Table 1 Generator network architecture

3.2 discriminator

By training the generator it is possible to fill in the corresponding pixels of the missing region with small reconstruction losses. Using the generator alone does not ensure that the filled area remains visually consistent. The generated image missing region is very blurred in pixels, and only the general shape of the missing region can be captured. In order to obtain a more vivid effect, a global discriminator, a local discriminator and a multi-scale discriminator are added as binary classifiers to distinguish true and false images, so as to distinguish whether the images are real or repaired. The discriminators help the network to improve the quality of the repair result, and a trained discriminator is not fooled by unrealistic images. These discriminators compress the image into corresponding small feature vectors based on a convolutional neural network. The prediction corresponds to a probability value that the image is authentic.

First, a local discriminator

Determining whether the composite content of the missing region is authentic can help the network generate information of the missing content, which encourages the generated objects to be semantically effective. Its limitations are also apparent due to the locality of the local arbiter. The local discriminator loss can neither normalize the global structure of a face nor ensure the consistency of the inner and outer edges of the missing region. Therefore, the inconsistency of the pixel values of the repair picture along the repair area boundary is significant.

Due to the limitation of local discriminators, another network structure named global discriminator is introduced

To determine the accuracy of the image as a whole. The basic idea is that the content of the generated image restoration area is not only realistic, but also consistent with the context. The network with the global discriminator greatly relieves the problem of inconsistency, further improves the effect of generating the repair picture and ensures that the repair picture is more real.

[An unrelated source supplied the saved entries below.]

(* Assume (H1), (H2), fix $\lambda>f'(0)$, and let $s_*$ be a $\lambda$-conjugate point. Let $p(\cdot;\lambda)$, $q(\cdot;\lambda)$ be solutions of $q'=B(x,\lambda)q$ decaying as $x\to-\infty$ such that $p(s_*;\lambda),q(s_*;\lambda)$ form a basis of $\mathbb E^u_-(s_*,\lambda)$ and $p(s_*;\lambda)\in\ell_*^{sand}$. Then there is $\alpha\in\mathbb R$ such that $p(s_*;\lambda)=(0,\ p_2(s_*;\lambda),\ p_3(s_*;\lambda),\ 0)^T$ and $q(s_*;\lambda)=(\alpha p_2(s_*;\lambda),\ q_2(s_*;\lambda),\ q_3(s_*;\lambda),\ \alpha p_3(s_*;\lambda))^T$.
   Context: Fix real $\nu,\mu$ and $f(u)=\nu u^2-u^3-\mu u$. (H1): $\varphi$ is a smooth stationary solution of $u_t=-(1+\partial_x^2)^2u+f(u)$ with $\varphi\to0$ at $\pm\infty$. (H2): $f'(0)<0$. $B(x,\lambda)=\begin{pmatrix}0&0&0&1\\0&0&1&-2\\-\lambda-1+f'(\varphi(x))&0&0&0\\0&1&0&0\end{pmatrix}$. $\mathbb E^u_-(x,\lambda)$ is the set of values $q(x)$ of solutions of $q'=B(y,\lambda)q$ with $q(y)\to0$ as $y\to-\infty$; it is Lagrangian for $\omega(u,v)=\langle u,Jv\rangle$, $J=\begin{pmatrix}0&I_2\\-I_2&0\end{pmatrix}$. $\ell_*^{sand}=\{q\in\mathbb R^4:q_1=q_4=0\}$; $s$ is a $\lambda$-conjugate point if $\mathbb E^u_-(s,\lambda)\cap\ell_*^{sand}\neq\{0\}$. *)

From HB Require Import structures.
From mathcomp Require Import all_boot all_order all_algebra.
From mathcomp Require Import all_classical all_reals all_analysis.
Set Implicit Arguments. Unset Strict Implicit. Unset Printing Implicit Defensive.
Import Order.TTheory GRing.Theory Num.Theory.
Import numFieldNormedType.Exports.
Local Open Scope classical_set_scope.
Local Open Scope ring_scope.

Section Defs.
Variable R : realType.

Definition vec4 (a b c d : R) : 'cV[R]_4 :=
  \col_(i < 4) nth 0 [:: a; b; c; d] i.

(* 1-based coordinates q_1, ..., q_4 of a vector of R^4 *)
Definition c1 (v : 'cV[R]_4) : R := v (@inord 3 0) ord0.
Definition c2 (v : 'cV[R]_4) : R := v (@inord 3 1) ord0.
Definition c3 (v : 'cV[R]_4) : R := v (@inord 3 2) ord0.
Definition c4 (v : 'cV[R]_4) : R := v (@inord 3 3) ord0.

Definition fnl (nu mu u : R) : R := nu * u ^+ 2 - u ^+ 3 - mu * u.
Definition fnl' (nu mu u : R) : R := 2 * nu * u - 3 * u ^+ 2 - mu.

(* (H1): phi smooth stationary solution of u_t = -(1+d_x^2)^2 u + f(u),
   i.e. -(phi + 2 phi'' + phi'''') + f(phi) = 0, with phi -> 0 at +-oo *)
Definition H1 (nu mu : R) (phi : R -> R) : Prop :=
  (forall (n : nat) (x : R), derivable (derive1n n phi) x 1) /\
  (forall x : R, - (phi x + 2 * derive1n 2 phi x + derive1n 4 phi x)
                 + fnl nu mu (phi x) = 0) /\
  (phi x @[x --> -oo] --> (0:R)) /\ (phi x @[x --> +oo] --> (0:R)).

Definition H2 (nu mu : R) : Prop := fnl' nu mu 0 < 0.

Definition Bmat (nu mu : R) (phi : R -> R) (lam x : R) : 'M[R]_4 :=
  let a := - lam - 1 + fnl' nu mu (phi x) in
  \matrix_(i < 4, j < 4)
    nth 0 (nth [::] [:: [:: 0; 0; 0; 1];
                        [:: 0; 0; 1; -2];
                        [:: a; 0; 0; 0];
                        [:: 0; 1; 0; 0]] i) j.

Definition is_sol (nu mu : R) (phi : R -> R) (lam : R) (q : R -> 'cV[R]_4) : Prop :=
  forall x : R, is_derive x 1 q (Bmat nu mu phi lam x *m q x).

Definition decays_minus (q : R -> 'cV[R]_4) : Prop :=
  q y @[y --> -oo] --> (0 : 'cV[R]_4).

Definition Eu (nu mu : R) (phi : R -> R) (lam x : R) : set 'cV[R]_4 :=
  [set v | exists q : R -> 'cV[R]_4,
      is_sol nu mu phi lam q /\ decays_minus q /\ q x = v].

Definition lsand : set 'cV[R]_4 := [set v | c1 v = 0 /\ c4 v = 0].

Definition conj_point (nu mu : R) (phi : R -> R) (lam s : R) : Prop :=
  exists v, Eu nu mu phi lam s v /\ lsand v /\ v <> 0.

Definition is_basis2 (E : set 'cV[R]_4) (u v : 'cV[R]_4) : Prop :=
  (forall a b : R, a *: u + b *: v = 0 -> a = 0 /\ b = 0) /\
  E = [set w | exists a b : R, w = a *: u + b *: v].

End Defs.

From HB Require Import structures.
From mathcomp Require Import all_boot all_order all_algebra.
From mathcomp Require Import all_classical all_reals all_analysis.
From mathcomp Require Import ring.
Import Order.TTheory GRing.Theory Num.Theory.
Import numFieldNormedType.Exports.
Local Open Scope classical_set_scope.
Local Open Scope ring_scope.

(* The matrix B(x, lambda) is Hamiltonian for omega(u, v) = <u, J v>: omega(B u, v) + omega(u, B v)
   = 0 for every value of the entry -lambda - 1 + f'(phi x). Hence omega(p x, q x) is constant along
   any two solutions, and when both decay at -oo this constant is 0, i.e. E^u_- is isotropic. With
   p(s) in l_*^sand the identity omega(p s, q s) = 0 reads p2 q4 - p3 q1 = 0, and (p2, p3) <> 0 since
   p(s) <> 0 by linear independence, so (q1, q4) is proportional to (p2, p3). *)

Lemma is_derive_mx_entry {R : realFieldType} {V : normedModType R} {m n : nat}
    (M : V -> 'M[R]_(m, n)) (t v : V) (dM : 'M[R]_(m, n)) (i : 'I_m) (j : 'I_n) :
  is_derive t v M dM -> is_derive t v (fun x => M x i j) (dM i j).
Proof.
move=> [dMt <-]; apply: DeriveDef; first exact: (derivable_mxP M t v).1 dMt i j.
by rewrite derive_mx // mxE.
Qed.

Lemma cvg_mx_entry {R : realFieldType} {T : Type} {m n : nat} {F : set_system T}
    {FF : Filter F} {M : T -> 'M[R]_(m, n)} {L : 'M[R]_(m, n)} (i : 'I_m) (j : 'I_n) :
  M x @[x --> F] --> L -> M x i j @[x --> F] --> L i j.
Proof. exact: continuous_cvg _ (@coord_continuous R m n i j L). Qed.

Section Coordinates.
Context {R : realType}.
Implicit Types (u v : 'cV[R]_4) (a b c d : R).

Lemma vec4_coords v : v = vec4 (c1 v) (c2 v) (c3 v) (c4 v).
Proof.
apply/matrixP => i j; rewrite (ord1 j) mxE.
by case: i => [[|[|[|[|k]]]] Hi] //=; congr (v _ _); apply/val_inj; rewrite /= inordK.
Qed.

Lemma c1_vec4 a b c d : c1 (vec4 a b c d) = a.
Proof. by rewrite /c1 mxE inordK. Qed.
Lemma c2_vec4 a b c d : c2 (vec4 a b c d) = b.
Proof. by rewrite /c2 mxE inordK. Qed.
Lemma c3_vec4 a b c d : c3 (vec4 a b c d) = c.
Proof. by rewrite /c3 mxE inordK. Qed.
Lemma c4_vec4 a b c d : c4 (vec4 a b c d) = d.
Proof. by rewrite /c4 mxE inordK. Qed.

Lemma vec4_0 : vec4 0 0 0 0 = 0 :> 'cV[R]_4.
Proof. by apply/matrixP => i j; rewrite !mxE; case: i => [[|[|[|[|k]]]] Hi]. Qed.

Lemma vec4P u v :
  c1 u = c1 v -> c2 u = c2 v -> c3 u = c3 v -> c4 u = c4 v -> u = v.
Proof. by move=> e1 e2 e3 e4; rewrite [u]vec4_coords [v]vec4_coords e1 e2 e3 e4. Qed.

End Coordinates.

Lemma Bmat_mulmx {R : realType} (nu mu : R) (phi : R -> R) (lam x : R) (v : 'cV[R]_4) :
  Bmat nu mu phi lam x *m v =
  vec4 (c4 v) (c3 v - 2 * c4 v) ((- lam - 1 + fnl' nu mu (phi x)) * c1 v) (c2 v).
Proof.
have [e0 e1 e2 e3] : [/\ ord0 = inord 0 :> 'I_4, lift ord0 ord0 = inord 1 :> 'I_4,
    lift ord0 (lift ord0 ord0) = inord 2 :> 'I_4
  & lift ord0 (lift ord0 (lift ord0 ord0)) = inord 3 :> 'I_4].
  by split; apply: val_inj; rewrite /= inordK.
apply: vec4P; rewrite ?c1_vec4 ?c2_vec4 ?c3_vec4 ?c4_vec4 /c1 /c2 /c3 /c4.
all: rewrite !mxE !big_ord_recl big_ord0 !mxE /= e1 e2 e3 !inordK //= ?e0.
all: by rewrite ?mul0r ?mul1r ?add0r ?addr0 ?mulNr.
Qed.

Definition omega4 {R : realType} (u v : 'cV[R]_4) : R :=
  c1 u * c3 v + c2 u * c4 v - c3 u * c1 v - c4 u * c2 v.

Lemma omega4_Bmat {R : realType} (nu mu : R) (phi : R -> R) (lam x : R) (u v : 'cV[R]_4) :
  omega4 (Bmat nu mu phi lam x *m u) v + omega4 u (Bmat nu mu phi lam x *m v) = 0.
Proof.
rewrite /omega4 !Bmat_mulmx !c1_vec4 !c2_vec4 !c3_vec4 !c4_vec4; ring.
Qed.

Section SolutionCurves.
Context {R : realType}.
Implicit Types (p q : R -> 'cV[R]_4) (x : R) (dp dq : 'cV[R]_4).

Lemma is_derive_omega4 p q x dp dq :
  is_derive x 1 p dp -> is_derive x 1 q dq ->
  is_derive x 1 (fun t => omega4 (p t) (q t)) (omega4 dp (q x) + omega4 (p x) dq).
Proof.
move=> Dp Dq.
have [p1 p2 p3 p4] : [/\ is_derive x 1 (fun t => c1 (p t)) (c1 dp),
    is_derive x 1 (fun t => c2 (p t)) (c2 dp), is_derive x 1 (fun t => c3 (p t)) (c3 dp)
  & is_derive x 1 (fun t => c4 (p t)) (c4 dp)] by split; exact: is_derive_mx_entry.
have [q1 q2 q3 q4] : [/\ is_derive x 1 (fun t => c1 (q t)) (c1 dq),
    is_derive x 1 (fun t => c2 (q t)) (c2 dq), is_derive x 1 (fun t => c3 (q t)) (c3 dq)
  & is_derive x 1 (fun t => c4 (q t)) (c4 dq)] by split; exact: is_derive_mx_entry.
(* instance resolution computes the derivative of the polynomial from p1, ..., q4 *)
apply: is_derive_eq.
by rewrite /omega4 /GRing.scale /=; ring.
Qed.

Lemma omega4_decays {p q} :
  decays_minus p -> decays_minus q -> omega4 (p y) (q y) @[y --> -oo] --> (0 : R).
Proof.
have coord0 (f : R -> 'cV[R]_4) k : decays_minus f ->
    f y (inord k) ord0 @[y --> -oo] --> (0 : R).
  by move=> /(cvg_mx_entry (inord k) ord0); rewrite mxE.
move=> Dp Dq.
have := cvgB (cvgB (cvgD (cvgM (coord0 _ 0 Dp) (coord0 _ 2 Dq))
  (cvgM (coord0 _ 1 Dp) (coord0 _ 3 Dq))) (cvgM (coord0 _ 2 Dp) (coord0 _ 0 Dq)))
  (cvgM (coord0 _ 3 Dp) (coord0 _ 1 Dq)).
rewrite !mulr0 !addr0 !subr0; apply.
Qed.

Lemma omega4_sol_cst (nu mu : R) (phi : R -> R) (lam : R) p q x y :
  is_sol nu mu phi lam p -> is_sol nu mu phi lam q ->
  omega4 (p x) (q x) = omega4 (p y) (q y).
Proof.
move=> Sp Sq; apply: (is_derive_0_is_cst (f := fun t => omega4 (p t) (q t))) => t.
by rewrite -(omega4_Bmat nu mu phi lam t (p t) (q t)); exact: is_derive_omega4.
Qed.

Lemma omega4_sol_decays_eq0 {nu mu : R} {phi : R -> R} {lam : R} {p q} x :
  is_sol nu mu phi lam p -> decays_minus p ->
  is_sol nu mu phi lam q -> decays_minus q -> omega4 (p x) (q x) = 0.
Proof.
move=> Sp Dp Sq Dq; have := omega4_decays Dp Dq.
have -> : (fun y => omega4 (p y) (q y)) = cst (omega4 (p x) (q x)).
  by apply/funext => y; apply: omega4_sol_cst.
exact: cvg_unique (cvg_cst _).
Qed.

End SolutionCurves.

Lemma lsand_omega4_eq0 {R : realType} {u v : 'cV[R]_4} :
  lsand u -> u != 0 -> omega4 u v = 0 ->
  exists alpha : R, c1 v = alpha * c2 u /\ c4 v = alpha * c3 u.
Proof.
move=> [u1 u4] u_neq0; rewrite /omega4 u1 u4 !mul0r add0r subr0 => /eqP.
rewrite subr_eq0 => /eqP uvE.
have [u2|u2_neq0] := eqVneq (c2 u) 0.
- have u3_neq0 : c3 u != 0.
    by apply: contraNneq u_neq0 => u3; rewrite [u]vec4_coords u1 u2 u3 u4 vec4_0.
  exists (c4 v / c3 u); rewrite u2 mulr0 divfK //; split => //.
  by move: uvE; rewrite u2 mul0r => /esym /eqP; rewrite mulf_eq0 (negPf u3_neq0) => /eqP.
- exists (c1 v / c2 u); rewrite divfK //; split => //.
  by rewrite -[c4 v](mulKf u2_neq0) uvE; ring.
Qed.

Theorem lemma3 (R : realType) (nu mu : R) (phi : R -> R) (lam s : R)
  (p q : R -> 'cV[R]_4) :
  H1 nu mu phi -> H2 nu mu ->
  fnl' nu mu 0 < lam ->
  conj_point nu mu phi lam s ->
  is_sol nu mu phi lam p -> decays_minus p ->
  is_sol nu mu phi lam q -> decays_minus q ->
  is_basis2 (Eu nu mu phi lam s) (p s) (q s) ->
  lsand (p s) ->
  exists alpha : R,
    p s = vec4 0 (c2 (p s)) (c3 (p s)) 0 /\
    q s = vec4 (alpha * c2 (p s)) (c2 (q s)) (c3 (q s)) (alpha * c3 (p s)).
Proof.
move=> _ _ _ _ Sp Dp Sq Dq [indep _] ps_lsand.
have ps_neq0 : p s != 0.
  apply/eqP => ps0; have := indep 1 0; rewrite ps0 scaler0 scale0r addr0.
  by case=> // /eqP; rewrite oner_eq0.
have [alpha [qs1 qs4]] := lsand_omega4_eq0 ps_lsand ps_neq0
  (omega4_sol_decays_eq0 s Sp Dp Sq Dq).
case: ps_lsand => ps1 ps4; exists alpha; split.
  by rewrite {1}[p s]vec4_coords ps1 ps4.
by rewrite {1}[q s]vec4_coords qs1 qs4.
Qed.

The real image and the restored image are distinguished on two different scales, respectively. The process of repairing the image by the generator is strictly controlled by two discriminator networks which input images with different resolutions, and the two multi-scale discriminators and the global discriminator have similar architectures but have different receptive fields. Compared with the method of singly using the global discriminator, the combined multi-scale discriminator is used for training to guide the generator to generate the repairing picture with stronger global consistency and finer details, and the repairing effect of the whole picture is more reasonable visually. By adding the two multi-scale discriminators into the network, a restored picture with better effect can be obtained.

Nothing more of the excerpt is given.